Benchmarks are run in two scenarios:

1. BM -> Bare Metal. Benchmark is run on bare metal in root cgroup
2. VM -> Benchmark is run inside a guest VM. Several cpu hogs (in
 	 various cgroups) are run on host. Cgroup setup is as below:

	/sys (cpu.shares = 1024, hosts all system tasks)
	/libvirt (cpu.shares = 20000)
 	/libvirt/qemu/VM (cpu.shares = 8192. guest VM w/ 8 vcpus)
	/libvirt/qemu/hoga (cpu.shares = 1024. hosts 4 cpu hogs)
	/libvirt/qemu/hogb (cpu.shares = 1024. hosts 4 cpu hogs)
	/libvirt/qemu/hogc (cpu.shares = 1024. hosts 4 cpu hogs)
	/libvirt/qemu/hogd (cpu.shares = 1024. hosts 4 cpu hogs)
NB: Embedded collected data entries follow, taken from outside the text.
(* Let $G=\operatorname{GL}_m(q)$ and let $\ell\le m$ be a prime dividing $q-1$; let $\ell^b$ be the exact power of $\ell$ dividing $q-1$. Then there exists an $\ell$-element $t\in G$ such that $|G:C_G(t)|_\ell\ge\ell^b$, with strict inequality unless $(m,\ell)\in\{(2,2),(3,2)\}$. If moreover $m$ is not a power of $\ell$, then for any integer $0\le b'\le b$ such an element $t$ can be chosen to have determinant of order $\ell^{b'}$. *)

From mathcomp Require Import all_boot all_order all_fingroup all_solvable all_algebra.
Set Implicit Arguments. Unset Strict Implicit. Unset Printing Implicit Defensive.
Import GRing.Theory.

(* GL_m(q) is modelled as the full group [set: {'GL_m[F]}] for a finite
   field F with #|F| = q.  For m >= 1 (here m >= l >= 2), 'GL_m[F] is the
   group of invertible m x m matrices over F. *)
Definition GLfull (m : nat) (F : finFieldType) : {set {'GL_m[F]}} :=
  [set: {'GL_m[F]}].

From mathcomp Require Import all_boot all_order all_fingroup all_solvable all_algebra all_field.
From mathcomp Require Import mxabelem zify.
Import GRing.Theory.

Set Implicit Arguments.
Unset Strict Implicit.
Unset Printing Implicit Defensive.

(* Let a generate the Sylow l-subgroup of F^*, of order l^b, and take N = l,
   or N = 4 when l = 2 and 4 | q - 1.  Then no a^d with 0 < d < N is an N-th
   power, so a matrix s in GL_N with s^N = a stabilises no proper nonzero
   subspace; its centraliser acts semiregularly on the nonzero vectors, and
   |C(s)| divides q^N - 1.  For t = diag(s, D) with D diagonal, no eigenvalue
   of D^N is a, hence C(t) = C(s) x C(D) and
     |GL_m : C(t)|_l >= |GL_m|_l / ((q^N - 1)_l |GL_(m-N)|_l).
   The quotient |GL_m|_l / |GL_(m-N)|_l is a product of N consecutive factors
   (q^i - 1)_l; the one with N | i absorbs (q^N - 1)_l and the other N - 1 are
   at least l^b.  The first diagonal entry of D is free and prescribes det t.
   When l = 2 and q = 3 (mod 4) we take N = 2 and D = diag(-1,..,-1,1,..,1)
   with two or three entries -1, so that C(D) = GL_k x GL_r; the bound then
   comes from (q^4 - 1)_2 > (q^2 - 1)_2. *)

Lemma sum_sub_const (s : seq nat) (f : nat -> nat) c :
  (forall i, i \in s -> c <= f i) ->
  \sum_(i <- s) f i = size s * c + \sum_(i <- s) (f i - c).
Proof.
elim: s => [|x s IHs] le_cf; first by rewrite !big_nil.
rewrite !big_cons IHs => [|i si]; last by rewrite le_cf // inE si orbT.
by have := le_cf x (mem_head _ _); rewrite /=; lia.
Qed.

Lemma leq_sum_sub_const (s js : seq nat) (f : nat -> nat) c :
  uniq js -> uniq s -> {subset js <= s} -> (forall i, i \in s -> c <= f i) ->
  \sum_(j <- js) (f j - c) + size s * c <= \sum_(i <- s) f i.
Proof.
move=> ujs us sub_js le_cf; rewrite (sum_sub_const le_cf) addnC leq_add2l.
exact: (@uniq_sub_le_big _ _ _ leqnn (fun x y => leq_addr y x)).
Qed.

Section LogGL.

Variables q l : nat.
Hypotheses (q_gt1 : 1 < q) (l_prime : prime l) (l_dvd : l %| q - 1).

Definition nu i := logn l (q ^ i - 1).
Definition nuGL n := \sum_(1 <= i < n.+1) nu i.

Lemma expn_sub1_gt0 i : 0 < i -> 0 < q ^ i - 1.
Proof.
by move=> i_gt0; rewrite subn_gt0 (leq_trans q_gt1) // -{1}(expn1 q) leq_exp2l.
Qed.

Lemma nu_dvd d j : 0 < j -> d %| j -> nu d <= nu j.
Proof.
move=> j_gt0 /dvdnP[k def_j]; apply: dvdn_leq_log; first exact: expn_sub1_gt0.
by rewrite def_j mulnC expnM !subn1 dvdn_pred_predX.
Qed.

Lemma nu1_le i : 0 < i -> nu 1 <= nu i.
Proof. by move=> i_gt0; rewrite nu_dvd ?dvd1n. Qed.

Lemma nu1E : nu 1 = logn l (q - 1).
Proof. by rewrite /nu expn1. Qed.

Lemma logn_card_GL_formula n :
  logn l (q ^ 'C(n, 2) * \prod_(1 <= i < n.+1) (q ^ i - 1)) = nuGL n.
Proof.
have prod_gt0 k : 0 < \prod_(1 <= i < k.+1) (q ^ i - 1).
  by rewrite big_nat prodn_cond_gt0 // => i /andP[/expn_sub1_gt0].
have coprime_lq : coprime l q.
  rewrite prime_coprime //; apply/negP => /dvdn_sub/(_ l_dvd).
  by rewrite subKn ?dvdn1 ?(ltnW q_gt1) // => /eqP l1; move: l_prime; rewrite l1.
rewrite logn_Gauss ?coprimeXr //.
elim: n => [|n IHn]; first by rewrite big_nil logn1 /nuGL big_nil.
by rewrite big_nat_recr //= lognM ?expn_sub1_gt0 // IHn /nuGL [RHS]big_nat_recr.
Qed.

Lemma nuGL0 : nuGL 0 = 0.
Proof. by rewrite /nuGL big_geq. Qed.

Lemma nuGLS n : nuGL n.+1 = nuGL n + nu n.+1.
Proof. by rewrite /nuGL big_nat_recr. Qed.

Lemma nuGL_add n N : nuGL (n + N) = nuGL n + \sum_(n.+1 <= i < (n + N).+1) nu i.
Proof. by rewrite /nuGL (@big_cat_nat _ _ _ n.+1) //; lia. Qed.

Lemma nuGL_window n N : 0 < N -> nuGL n + nu N + (N - 1) * nu 1 <= nuGL (n + N).
Proof.
move=> N_gt0; pose j := N * (n %/ N).+1.
have in_j : n < j <= n + N by rewrite /j mulnS; have := divn_eq n N; have := ltn_pmod n N_gt0; nia.
have nuN : nu N <= nu j by apply: nu_dvd; rewrite ?dvdn_mulr //; lia.
rewrite nuGL_add -addnA leq_add2l.
have le_nu1 i : i \in index_iota n.+1 (n + N).+1 -> nu 1 <= nu i.
  by rewrite mem_index_iota => /andP[lt_ni _]; apply: nu1_le; apply: leq_trans lt_ni.
have sub_j : {subset [:: j] <= index_iota n.+1 (n + N).+1}.
  by move=> i; rewrite inE mem_index_iota => /eqP->.
have := leq_sum_sub_const (isT : uniq [:: j]) (iota_uniq _ _) sub_j le_nu1.
rewrite big_seq1 /index_iota size_iota subSS addKn.
have := le_nu1 j (sub_j j (mem_head _ _)); nia.
Qed.

Lemma nuGL_window4 n : nuGL n + 2 * nu 1 + nu 2 + nu 4 <= nuGL (n + 4).
Proof.
pose j0 := n + 4 - n %% 4.
pose j2 := if n %% 4 < 2 then n + 2 - n %% 4 else n + 6 - n %% 4.
have in_j0 : n < j0 <= n + 4 by rewrite /j0; lia.
have in_j2 : n < j2 <= n + 4 by rewrite /j2; case: ifP; lia.
have j0_j2 : j0 != j2 by rewrite /j0 /j2; case: ifP; lia.
have nu4 : nu 4 <= nu j0 by apply: nu_dvd; rewrite /j0; lia.
have nu2 : nu 2 <= nu j2 by apply: nu_dvd; rewrite /j2; case: ifP; lia.
rewrite nuGL_add -!addnA leq_add2l.
have le_nu1 i : i \in index_iota n.+1 (n + 4).+1 -> nu 1 <= nu i.
  by rewrite mem_index_iota => /andP[lt_ni _]; apply: nu1_le; apply: leq_trans lt_ni.
have sub_j : {subset [:: j0; j2] <= index_iota n.+1 (n + 4).+1}.
  by move=> i; rewrite !inE => /orP[]/eqP->; rewrite mem_index_iota.
have := leq_sum_sub_const _ (iota_uniq _ _) sub_j le_nu1.
rewrite /= inE j0_j2 big_cons big_seq1 /index_iota size_iota subSS addKn => /(_ isT).
have := le_nu1 j0 (sub_j j0 (mem_head _ _)).
have := le_nu1 j2 (sub_j j2 (mem_last j0 [:: j2])).
lia.
Qed.

Lemma nuGL_block_lower n N I :
  nuGL (N.+1 + n) <= I + nu N.+1 + nuGL n -> N * nu 1 <= I.
Proof. by rewrite [N.+1 + n]addnC; have := nuGL_window n (ltn0Sn N); lia. Qed.

Section Two.

Hypothesis l2 : l = 2.

Lemma odd_q : odd q.
Proof.
by move: l_dvd; rewrite l2 dvdn2 oddB ?(ltnW q_gt1) // addbT negbK.
Qed.

Lemma nu2_lt_nu4 : nu 2 < nu 4.
Proof.
rewrite /nu; have -> : q ^ 4 - 1 = (q ^ 2 - 1) * (q ^ 2 + 1).
  have : 1 <= q ^ 2 by rewrite expn_gt0; lia.
  rewrite (_ : 4 = 2 * 2) // mulnC expnM; nia.
rewrite lognM ?expn_sub1_gt0 ?addn_gt0 ?orbT // -[X in X < _]addn0 ltn_add2l.
by rewrite logn_gt0 mem_primes l2 /= addn1 dvdn2 /= oddX odd_q.
Qed.

Lemma nu3E : nu 3 = nu 1.
Proof.
rewrite /nu; have -> : q ^ 3 - 1 = (q ^ 2 + q + 1) * (q - 1).
  have : 1 <= q by lia.
  rewrite (_ : 3 = 1 + 2) // (_ : q ^ 2 = q * q) ?expnD ?expn1 ?mulnn //; nia.
by rewrite expn1 logn_Gauss // prime_coprime l2 // dvdn2 /= !oddD oddX odd_q.
Qed.

Lemma nuGL_signs_lower k r I : 1 < k < 4 ->
  nuGL (2 + (k + r)) <= I + nu 2 + (nuGL k + nuGL r) -> nu 1 < I.
Proof.
move=> /andP[k_gt1 k_lt4]; apply: contraTT; rewrite -leqNgt => le_I.
have := nuGL_window4 r; have := nu2_lt_nu4; have := nu1_le (isT : 0 < (r + 4).+1).
have nuGL3 : nuGL 3 = nu 1 + nu 2 + nu 3 by rewrite !nuGLS nuGL0.
have [-> | ->] : k = 2 \/ k = 3 by lia.
  rewrite (_ : 2 + (2 + r) = r + 4); last by lia.
  rewrite !nuGLS nuGL0 -ltnNge; lia.
rewrite (_ : 2 + (3 + r) = (r + 4).+1); last by lia.
rewrite nuGL3 nuGLS nu3E -ltnNge; lia.
Qed.

End Two.

End LogGL.

Lemma semiregular_dvdn (aT : finGroupType) (D : {group aT}) (rT : finType)
    (to : action D rT) (H : {group aT}) (S : {set rT}) :
  H \subset D -> [acts H, on S | to] -> {in S, forall x, ('C_H[x | to] = 1)%g} ->
  #|H| %| #|S|.
Proof.
move=> sHD actsS regS; rewrite -(acts_sum_card_orbit actsS).
apply: dvdn_sum => _ /imsetP[x Sx ->].
by rewrite card_orbit_in // regS // indexg1.
Qed.

Section MatrixPowers.

Local Open Scope ring_scope.

Lemma intertwine_exp (R : pzRingType) m n (A : 'M[R]_m) (B : 'M[R]_n) Z k :
  A *m Z = Z *m B -> A ^+ k *m Z = Z *m B ^+ k.
Proof.
move=> AZ; elim: k => [|k IHk]; first by rewrite !expr0 mul1mx mulmx1.
by rewrite !exprS -!mulmxE -mulmxA IHk !mulmxA AZ.
Qed.

Lemma diag_mxX (R : pzRingType) n (d : 'rV[R]_n) k :
  diag_mx d ^+ k = diag_mx (\row_j (d 0 j ^+ k)).
Proof.
elim: k => [|k IHk]; first by rewrite expr0; apply/matrixP => i j; rewrite !mxE expr0.
by rewrite exprS IHk -mulmxE mulmx_diag; congr diag_mx; apply/rowP => j; rewrite !mxE exprS.
Qed.

Lemma diag_mx_expr_eq1 (R : pzRingType) n (d : 'rV[R]_n) k :
  (forall j, d 0 j ^+ k = 1) -> diag_mx d ^+ k = 1.
Proof.
move=> dk; rewrite diag_mxX (_ : \row_j _ = const_mx 1) ?diag_const_mx //.
by apply/rowP => j; rewrite !mxE dk.
Qed.

Lemma det_mxX (R : comPzRingType) n (A : 'M[R]_n) k : \det (A ^+ k) = \det A ^+ k.
Proof.
elim: k => [|k IHk]; first by rewrite !expr0 det1.
by rewrite !exprS -mulmxE det_mulmx IHk.
Qed.

Lemma unitmx_expr_eq1 (R : comUnitRingType) n (A : 'M[R]_n) k :
  (0 < k)%N -> A ^+ k = 1 -> A \in unitmx.
Proof. by move=> k_gt0 Ak; rewrite unitmxE -(unitrX_pos _ k_gt0) -det_mxX Ak det1 unitr1. Qed.

Lemma exists_mx_expr_scalar (R : comNzRingType) N (a : R) :
  exists s : 'M[R]_N.+1, s ^+ N.+1 = a%:M.
Proof.
pose p : {poly R} := 'X^(N.+1) - a%:P.
have p_monic : p \is monic by rewrite monicE lead_coefXnsubC.
have size_p : size p = N.+2 by rewrite size_XnsubC.
have := companionmxK p_monic; move: (companionmx p); rewrite size_p => s char_s.
exists s; have := Cayley_Hamilton s.
by rewrite char_s rmorphB /= horner_mx_C rmorphXn /= horner_mx_X => /subr0_eq.
Qed.

Lemma block_diag_mxX (R : pzRingType) n1 n2 (A : 'M[R]_n1) (B : 'M[R]_n2) k :
  block_mx A 0 0 B ^+ k = block_mx (A ^+ k) 0 0 (B ^+ k).
Proof.
elim: k => [|k IHk]; first by rewrite !expr0 -scalar_mx_block.
by rewrite !exprS IHk -!mulmxE mulmx_block !mulmx0 !mul0mx !addr0 !add0r.
Qed.

End MatrixPowers.

Section GLMatrices.

Local Open Scope ring_scope.

Variable F : finFieldType.
Local Notation q := #|F|.

Definition centGL n (A : 'M[F]_n) :=
  [set X : 'M[F]_n | (X \in unitmx) && (X *m A == A *m X)].

Lemma card_centGL_gt0 n (A : 'M[F]_n) : (0 < #|centGL A|)%N.
Proof. by apply/card_gt0P; exists 1%:M; rewrite inE unitmx1 mul1mx mulmx1 eqxx. Qed.

Lemma card_cent1_GL n (t : {'GL_n.+1[F]}) : #|'C[t]%g| = #|centGL (GLval t)|.
Proof.
rewrite -(card_imset _ val_inj); apply: eq_card => X; rewrite inE.
apply/imsetP/andP => [[u /cent1P/(congr1 val) tu ->]|[Xu /eqP tX]].
  by split; [exact: (valP u) | exact/eqP].
by exists (Sub X Xu); rewrite ?SubK //; apply/cent1P/val_inj.
Qed.

Lemma card_unitmx n :
  #|[set X : 'M[F]_n | X \in unitmx]| = (q ^ 'C(n, 2) * \prod_(1 <= i < n.+1) (q ^ i - 1))%N.
Proof.
case: n => [|n].
  rewrite big_nil muln1 (_ : [set X | X \in unitmx] = setT) ?cardsT ?card_mx //.
  by apply/setP => X; rewrite !inE unitmxE det_mx00 unitr1.
rewrite -card_GL // -[RHS](card_imset _ val_inj); apply: eq_card => X.
rewrite inE; apply/idP/imsetP => [Xu|[u _ ->]]; last exact: (valP u).
by exists (Sub X Xu); rewrite ?inE ?SubK.
Qed.

Lemma card_centGL_dvd_unitmx n (A : 'M[F]_n) :
  A \in unitmx -> (#|centGL A| %| #|[set X : 'M[F]_n | X \in unitmx]|)%N.
Proof.
case: n A => [|n] A A_unit.
  rewrite (_ : centGL A = [set X | X \in unitmx]) //.
  by apply/setP => X; rewrite !inE [X *m A]flatmx0 [A *m X]flatmx0 eqxx andbT.
pose t : {'GL_n.+1[F]} := Sub A A_unit.
have -> : centGL A = centGL (GLval t) by rewrite SubK.
by rewrite -card_cent1_GL card_unitmx -card_GL // cardSg ?subsetT.
Qed.

Lemma centGL_scalar n (c : F) : centGL (c%:M : 'M_n) = [set X | X \in unitmx].
Proof. by apply/setP => X; rewrite !inE scalar_mxC eqxx andbT. Qed.

Lemma card_centGL_block n1 n2 (A : 'M[F]_n1) (B : 'M[F]_n2) :
  (forall Z : 'M_(n1, n2), A *m Z = Z *m B -> Z = 0) ->
  (forall Y : 'M_(n2, n1), B *m Y = Y *m A -> Y = 0) ->
  #|centGL (block_mx A 0 0 B)| = (#|centGL A| * #|centGL B|)%N.
Proof.
move=> AB0 BA0; rewrite -cardsX.
pose blk (XY : 'M[F]_n1 * 'M[F]_n2) := block_mx XY.1 0 0 XY.2.
have blk_inj : injective blk by move=> [X1 Y1] [X2 Y2] /eq_block_mx[/= -> _ _ ->].
rewrite -(card_imset _ blk_inj); apply: eq_card => M; rewrite inE.
apply/andP/imsetP => [[Mu /eqP cM] | [[X Y] /setXP[]]]; last first.
  rewrite !inE => /andP[Xu /eqP cX] /andP[Yu /eqP cY] ->.
  rewrite /blk /= block_diag_mx_unit Xu Yu !mulmx_block !mulmx0 !mul0mx !addr0 !add0r.
  by rewrite cX cY.
move: cM Mu; rewrite -[M]submxK !mulmx_block !mulmx0 !mul0mx !addr0 !add0r.
case/eq_block_mx => cX /esym/AB0 ur0 /esym/BA0 dl0 cY.
rewrite ur0 dl0 block_diag_mx_unit => /andP[Xu Yu].
by exists (ulsubmx M, drsubmx M); rewrite // !inE Xu Yu cX cY !eqxx.
Qed.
First BM (bare metal) scenario:

		tip	tip + patch

volano 		1	0.955   (4.5% degradation)
sysbench [n1] 	1	0.9984  (0.16% degradation)
tbench 1 [n2]	1	0.9096  (9% degradation)

Now the more interesting VM scenario:

		tip	tip + patch

volano		1	1.29   (29% improvement)
sysbench [n3]	1	2      (100% improvement)
tbench 1 [n4] 	1       1.07   (7% improvement)
tbench 8 [n5] 	1       1.26   (26% improvement)
httperf  [n6]	1 	1.05   (5% improvement)
Trade		1	1.31   (31% improvement)

Notes:
 
n1. sysbench was run with 16 threads.
n2. tbench was run on localhost with 1 client 
n3. sysbench was run with 8 threads
n4. tbench was run on localhost with 1 client
n5. tbench was run over network with 8 clients
n6. httperf was run as with burst-length of 100 and wsess of 100,500,0

So the patch seems to be a wholesome win when VCPU threads are waking
up (in a highly contended environment). One reason could be that any assumption 
of better cache hits by running (vcpu) threads on its prev_cpu may not
be fully correct as vcpu threads could represent many different threads
internally?

Anyway, there are degradations as well, considering which I see several 
possibilities:

1. Do balance-on-wake for vcpu threads only.
2. Document tuning possibility to improve performance in virtualized
   environment:
	- Either via sched_domain flags (disable SD_WAKE_AFFINE 
 	  at all levels and enable SD_BALANCE_WAKE at SMT/MC levels)
	- Or via a new sched_feat(BALANCE_WAKE) tunable

Any other thoughts or suggestions for more experiments?


--

Balance threads on wakeup to let it run on least-loaded CPU in the same
cache domain as its prev_cpu (or cur_cpu if wake_affine() test obliges).

Signed-off-by: Srivatsa Vaddagiri <vatsa@linux.vnet.ibm.com>


---
 include/linux/topology.h |    4 ++--
 kernel/sched/fair.c      |    5 ++++-
 2 files changed, 6 insertions(+), 3 deletions(-)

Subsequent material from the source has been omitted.